Supplied information below:

(* (1) Figure-eight knot. Let $\Delta(E;t)=-t^2+3t-1$ be the Alexander polynomial of the figure-eight knot $E$. For $u\in\mathbb{C}$ and $y\in\mathbb{C}\setminus\{0\}$ with $y+y^{-1}=2\cosh(u)-1$, put \[ H(E;u,y)=\operatorname{Li}_2\bigl(y^{-1}e^{-u}\bigr)-\operatorname{Li}_2\bigl(y\,e^{-u}\bigr)+\bigl(\log(-y)+\pi\sqrt{-1}\bigr)u, \] where $\operatorname{Li}_2$ is the dilogarithm and the branch of $\log$ is chosen so that $\log(-1)=-\pi\sqrt{-1}$. Then there exist $u\in\mathbb{C}$ and such a $y$ with $H(E;u,y)=0$ and $\Delta(E;e^{u})=0$. (2) Torus knots. Let $a,b>1$ be coprime integers, let $\Delta(T(a,b);t)=\dfrac{(t^{ab}-1)(t-1)}{(t^a-1)(t^b-1)}$ be the Alexander polynomial of the torus knot $T(a,b)$, and define the entire function \[ H\bigl(T(a,b);u\bigr)=\frac{-\bigl(ab(u+2\pi\sqrt{-1})-2\pi\sqrt{-1}\bigr)^2}{4ab},\qquad u\in\mathbb{C}. \] Then the equations $H\bigl(T(a,b);u\bigr)=0$ and $\Delta\bigl(T(a,b);e^{u}\bigr)=0$ have a common root $u\in\mathbb{C}$.
   Context: Here $\Delta(T(a,b);t)$ is understood as the polynomial in $t$ obtained from the given rational expression (which is a polynomial), and $\Delta(K;e^u)=0$ means this polynomial vanishes at $t=e^u$. The functions $H$ above are the explicit formulas (regarded as functions on all of $\mathbb{C}$) for the quantity $H(K;u)=(u+2\pi\sqrt{-1})\lim_{N\to\infty}\frac{1}{N}\log J_N\bigl(K;\exp((u+2\pi\sqrt{-1})/N)\bigr)$, where $J_N(K;q)$ is the $N$-colored Jones polynomial normalized so that $J_N(\text{unknot};q)=1$. *)

From HB Require Import structures.
From mathcomp Require Import all_boot all_order all_algebra.
From mathcomp Require Import all_classical all_reals all_analysis.
From mathcomp Require Import complex.

Set Implicit Arguments.
Unset Strict Implicit.
Unset Printing Implicit Defensive.

Import Order.TTheory GRing.Theory Num.Theory.
Import numFieldNormedType.Exports.
Local Open Scope ring_scope.
Local Open Scope complex_scope.

Section Cdefs.
Variable R : realType.

Definition cexp (z : R[i]) : R[i] :=
  (expR (complex.Re z) * cos (complex.Im z)) +i* (expR (complex.Re z) * sin (complex.Im z)).

Definition ccosh (z : R[i]) : R[i] := (cexp z + cexp (- z)) / 2%:R.

Definition ipi : R[i] := 0 +i* pi.

Definition modc (z : R[i]) : R := Num.sqrt (complex.Re z ^+ 2 + complex.Im z ^+ 2).

(* principal argument, in (-pi, pi] *)
Definition Arg (z : R[i]) : R :=
  if 0 <= complex.Im z then acos (complex.Re z / modc z) else - acos (complex.Re z / modc z).

Definition Log (z : R[i]) : R[i] := ln (modc z) +i* Arg z.

(* argument in [-pi, pi), so that arg' (-1) = - pi *)
Definition Arg' (z : R[i]) : R :=
  if 0 < complex.Im z then acos (complex.Re z / modc z) else - acos (complex.Re z / modc z).

(* the logarithm branch used in the paper: Im in [-pi, pi),
   so that log' (-1) = - pi * sqrt(-1) *)
Definition log' (z : R[i]) : R[i] := ln (modc z) +i* Arg' z.

Definition Li2 (z : R[i]) : R[i] :=
  let f := fun s : R => Log (1 - s%:C * z) / s%:C in
  - ((Rintegral (@lebesgue_measure R) `[0, 1]%classic (fun s => complex.Re (f s)))
      +i* (Rintegral (@lebesgue_measure R) `[0, 1]%classic (fun s => complex.Im (f s)))).

Definition alexE : {poly R[i]} := - 'X^2 + 3%:R *: 'X - 1.

Definition HE (u y : R[i]) : R[i] :=
  Li2 (y^-1 * cexp (- u)) - Li2 (y * cexp (- u)) + (log' (- y) + ipi) * u.

(* Alexander polynomial of T(a,b): the polynomial
   (t^{ab}-1)(t-1) / ((t^a-1)(t^b-1)) (exact polynomial division) *)
Definition alexT (a b : nat) : {poly R[i]} :=
  (('X^(a * b) - 1) * ('X - 1)) %/ (('X^a - 1) * ('X^b - 1)).

Definition HT (a b : nat) (u : R[i]) : R[i] :=
  - ((a * b)%:R * (u + 2%:R * ipi) - 2%:R * ipi) ^+ 2 / (4 * (a * b))%:R.

End Cdefs.

From HB Require Import structures.
From mathcomp Require Import all_boot all_order all_algebra.
From mathcomp Require Import all_classical all_reals all_analysis.
From mathcomp Require Import complex.
From mathcomp Require Import ring lra.
Set Implicit Arguments.
Unset Strict Implicit.
Unset Printing Implicit Defensive.

Import Order.TTheory GRing.Theory Num.Theory.
Local Open Scope ring_scope.
Local Open Scope complex_scope.

(* At a root t = e^u of the Alexander polynomial of the figure-eight knot,
   t + 1/t = 3, so the constraint y + 1/y = 2 cosh u - 1 = 2 forces y = 1;
   then the two dilogarithm terms cancel, and the linear term vanishes because
   log(-1) = - pi i.  For the torus knot T(a,b) take u = 2 pi i/ab - 2 pi i,
   which kills H, and for which e^u is a primitive ab-th root of unity.  As a
   and b are coprime, (t^a - 1)(t^b - 1) divides (t^ab - 1)(t - 1), and the
   quotient vanishes at a primitive ab-th root of unity, where neither t^a - 1
   nor t^b - 1 does. *)

Lemma unity_root_coprime_eq1 (R : idomainType) a b (x : R) :
  (0 < a)%N -> coprime a b -> x ^+ a = 1 -> x ^+ b = 1 -> x = 1.
Proof.
move=> a_gt0 co_ab xa xb.
have [m prim_m m_dvd_a] := prim_order_exists a_gt0 xa.
have m_dvd_b : (m %| b)%N by rewrite (prim_order_dvd prim_m) xb.
have m1 : m = 1%N by apply/eqP; rewrite -dvdn1 -(eqP co_ab) dvdn_gcd m_dvd_a.
by have := prim_expr_order prim_m; rewrite m1 expr1.
Qed.

Section TorusAlexander.
Variable F : numClosedFieldType.

Lemma coprimep_Xn_sub1_sumXn a b : (0 < a)%N -> (0 < b)%N -> coprime a b ->
  coprimep ('X^a - 1 : {poly F}) (\sum_(i < b) 'X^i).
Proof.
move=> a_gt0 b_gt0 co_ab; apply: Pdiv.ClosedField.root_coprimep => x.
rewrite /root !hornerE subr_eq0 horner_sum => /eqP xa.
under eq_bigr do rewrite hornerXn.
apply/negP => /eqP geom_x0.
have xb : x ^+ b = 1 by apply/eqP; rewrite -subr_eq0 subrX1 geom_x0 mulr0.
move: geom_x0; rewrite (unity_root_coprime_eq1 a_gt0 co_ab xa xb).
under eq_bigr do rewrite expr1n.
by rewrite sumr_const card_ord => /eqP; rewrite pnatr_eq0 gtn_eqF.
Qed.

Lemma dvdp_torus_alexander a b : (0 < a)%N -> (0 < b)%N -> coprime a b ->
  ('X^a - 1 : {poly F}) * ('X^b - 1) %| ('X^(a * b) - 1) * ('X - 1).
Proof.
move=> a_gt0 b_gt0 co_ab.
set Q : {poly F} := \sum_(i < b) 'X^i.
have Xb : 'X^b - 1 = ('X - 1) * Q by rewrite subrX1.
have -> : ('X^a - 1) * ('X^b - 1) = ('X^a - 1) * Q * ('X - 1) by rewrite Xb; ring.
rewrite dvdp_mul // Gauss_dvdp ?coprimep_Xn_sub1_sumXn //.
rewrite {1}exprM (subrX1 ('X^a) b) dvdp_mulIl /=.
apply: (@dvdp_trans _ ('X^b - 1)); first by rewrite Xb dvdp_mulIr.
by rewrite mulnC exprM (subrX1 ('X^b) a) dvdp_mulIl.
Qed.

Lemma root_torus_alexander a b (z : F) : (1 < a)%N -> (1 < b)%N -> coprime a b ->
  (a * b).-primitive_root z ->
  root ((('X^(a * b) - 1) * ('X - 1)) %/ (('X^a - 1) * ('X^b - 1))) z.
Proof.
move=> a_gt1 b_gt1 co_ab prim_z.
have ndvd c d : (0 < c)%N -> (1 < d)%N -> ~~ (c * d %| c)%N.
  by move=> c_gt0 d_gt1; rewrite -{2}(muln1 c) dvdn_pmul2l // dvdn1 gtn_eqF.
have dvd_ab := dvdp_torus_alexander (ltnW a_gt1) (ltnW b_gt1) co_ab.
have := congr1 (horner^~ z) (divpK dvd_ab).
rewrite /= !hornerE (prim_expr_order prim_z) subrr mul0r => /eqP.
rewrite !mulf_eq0 !subr_eq0 -!(prim_order_dvd prim_z).
rewrite (negbTE (ndvd _ _ (ltnW a_gt1) b_gt1)) mulnC.
by rewrite (negbTE (ndvd _ _ (ltnW b_gt1) a_gt1)) !orbF.
Qed.
End TorusAlexander.


Lemma cos_lt1 (R : realType) (x : R) : 0 < x < pi *+ 2 -> cos x < 1.
Proof.
move=> /andP[x0 x2pi].
have sin_half_gt0 : 0 < sin (x / 2).
  apply: sin_gt0_pi; apply/andP; split; first by rewrite divr_gt0.
  by rewrite ltr_pdivrMr // mulr_natr.
have -> : x = (x / 2) *+ 2 by rewrite -mulr_natr divfK.
rewrite cos_mulr2n cos2sin2 -mulr_natr; nra.
Qed.

Section Cexp.
Variable R : realType.
Implicit Types z w : R[i].

Lemma cexpD z w : cexp (z + w) = cexp z * cexp w.
Proof.
case: z => x y; case: w => x' y'.
rewrite /cexp /= expRD cosD sinD.
apply/eqP; rewrite eq_complex /=; apply/andP; split; apply/eqP; ring.
Qed.

Lemma cexp0 : cexp 0 = 1 :> R[i].
Proof. by rewrite /cexp /= expR0 cos0 sin0 !mul1r. Qed.

Lemma cexpN z : cexp (- z) = (cexp z)^-1.
Proof. by apply/esym/mulr1_eq; rewrite -cexpD subrr cexp0. Qed.

Lemma cexpMn z k : cexp (z *+ k) = cexp z ^+ k.
Proof.
elim: k => [|k IH]; first by rewrite mulr0n expr0 cexp0.
by rewrite mulrS exprS cexpD IH.
Qed.

Lemma complexMn (x y : R) k : (x +i* y) *+ k = (x *+ k) +i* (y *+ k).
Proof. by elim: k => [|k IH]; rewrite ?mulr0n // !mulrS IH. Qed.

Lemma cexp_real (x : R) : cexp x%:C = (expR x)%:C.
Proof. by rewrite /cexp /= cos0 sin0 mulr1 mulr0. Qed.

Lemma cexp_imaginary (t : R) : cexp (0 +i* t) = cos t +i* sin t.
Proof. by rewrite /cexp /= expR0 !mul1r. Qed.

Lemma ccoshE z : 2%:R * ccosh z = cexp z + (cexp z)^-1.
Proof. by rewrite /ccosh mulrC divfK ?pnatr_eq0 // cexpN. Qed.

Lemma two_ipi_divn (n : nat) : 2%:R * ipi R / n%:R = 0 +i* (pi *+ 2 / n%:R).
Proof.
rewrite /ipi -!(rmorph_nat (real_complex R)) -fmorphV /=; simpc.
by rewrite mulr_natl.
Qed.

Lemma cexp_2ipi : cexp (2%:R * ipi R) = 1.
Proof.
have := two_ipi_divn 1; rewrite !divr1 => ->.
by rewrite cexp_imaginary cos2pi sin2pi.
Qed.

Lemma prim_root_cexp n : (0 < n)%N ->
  n.-primitive_root (cexp (0 +i* ((pi : R) *+ 2 / n%:R))).
Proof.
move=> n_gt0; set t : R := pi *+ 2 / n%:R.
have t_gt0 : 0 < t by rewrite divr_gt0 ?ltr0n // pmulrn_rgt0 ?pi_gt0.
have tn : t *+ n = pi *+ 2 by rewrite -mulr_natr divfK // pnatr_eq0 -lt0n.
have zk k : cexp (0 +i* t) ^+ k = cos (t *+ k) +i* sin (t *+ k).
  by rewrite -cexpMn complexMn mul0rn cexp_imaginary.
have zn : cexp (0 +i* t) ^+ n = 1 by rewrite zk tn cos2pi sin2pi.
have [m prim_m m_dvd_n] := prim_order_exists n_gt0 zn.
suff -> : n = m by [].
have m_gt0 := prim_order_gt0 prim_m.
apply/eqP; rewrite eqn_leq (dvdn_leq n_gt0 m_dvd_n) andbT leqNgt.
apply/negP => lt_mn.
have cos_tm : cos (t *+ m) = 1.
  by have := congr1 (@complex.Re R) (prim_expr_order prim_m); rewrite zk.
have : cos (t *+ m) < 1.
  by apply: cos_lt1; rewrite pmulrn_rgt0 // m_gt0 -tn ltr_pMn2l.
by rewrite cos_tm ltxx.
Qed.

End Cexp.

Section FigureEight.
Variable R : realType.

Lemma log'N1 : log' (-1 : R[i]) = - ipi R.
Proof.
rewrite /log' /Arg' /modc /= oppr0 ltxx expr0n /= addr0 sqrrN expr1n sqrtr1.
by rewrite ln1 divr1 acosN1; apply/eqP; rewrite eq_complex /= oppr0 !eqxx.
Qed.

Lemma HE_y1 (u : R[i]) : HE u 1 = 0.
Proof. by rewrite /HE invr1 mul1r subrr add0r log'N1 addNr mul0r. Qed.

Lemma alexE_root_addV (z : R[i]) : root (alexE R) z -> z + z^-1 = 3%:R.
Proof.
rewrite /root /alexE !hornerE => /eqP root_z.
have z_neq0 : z != 0.
  apply: contra_eq_neq root_z => ->.
  by rewrite expr0n mulr0 oppr0 add0r sub0r oppr_eq0 oner_eq0.
apply: (mulfI z_neq0); rewrite mulrDr mulfV //.
by rewrite -[LHS]addr0 -root_z; ring.
Qed.

Lemma alexE_real (x : R) : (alexE R).[x%:C] = (- x ^+ 2 + 3%:R * x - 1)%:C.
Proof.
rewrite /alexE !hornerE.
by rewrite rmorphB rmorphD rmorphN rmorphXn rmorphM rmorph1 (rmorph_nat _ 3).
Qed.

Lemma alexE_root_pos : exists2 t : R, 0 < t & root (alexE R) t%:C.
Proof.
set s := Num.sqrt (5 : R).
have s2 : s ^+ 2 = 5 by rewrite sqr_sqrtr.
have s_ge0 : 0 <= s by rewrite sqrtr_ge0.
exists ((3 + s) / 2); first lra.
rewrite /root alexE_real.
have -> : - ((3 + s) / 2) ^+ 2 + 3%:R * ((3 + s) / 2) - 1 = (5 - s ^+ 2) / 4 by field.
by rewrite s2 subrr mul0r.
Qed.

End FigureEight.

Theorem mainTheorem1 (R : realType) :
  (exists (u y : R[i]), y != 0 /\ y + y^-1 = 2%:R * ccosh u - 1 /\
     HE u y = 0 /\ (alexE R).[cexp u] = 0) /\
  (forall a b : nat, (1 < a)%N -> (1 < b)%N -> coprime a b ->
     exists u : R[i], HT a b u = 0 /\ (alexT R a b).[cexp u] = 0).
Proof.
split.
  have [t t_gt0 root_t] := alexE_root_pos R.
  have e_u : cexp (ln t)%:C = t%:C by rewrite cexp_real lnK.
  exists (ln t)%:C, 1; split; first exact: oner_neq0.
  split; last by split; [exact: HE_y1 | rewrite e_u; exact/eqP].
  by rewrite ccoshE e_u (alexE_root_addV root_t) invr1 -natr1 addrK.
move=> a b a_gt1 b_gt1 co_ab.
have ab_gt0 : (0 < a * b)%N by rewrite muln_gt0 (ltnW a_gt1) (ltnW b_gt1).
set w : R[i] := 0 +i* (pi *+ 2 / (a * b)%:R).
exists (w - 2%:R * ipi R); split.
  have ab_neq0 : (a * b)%:R != 0 :> R[i] by rewrite pnatr_eq0 -lt0n.
  rewrite /HT subrK /w -two_ipi_divn (mulrC (a * b)%:R) divfK //.
  by rewrite subrr expr0n /= oppr0 mul0r.
rewrite cexpD cexpN cexp_2ipi invr1 mulr1.
apply/eqP; rewrite /alexT.
exact: root_torus_alexander (prim_root_cexp _ ab_gt0).
Qed.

End of Supplied information.

Lines of the data above that include the string "negP" must each be copied.

apply/negP => /eqP geom_x0.
apply/negP => lt_mn.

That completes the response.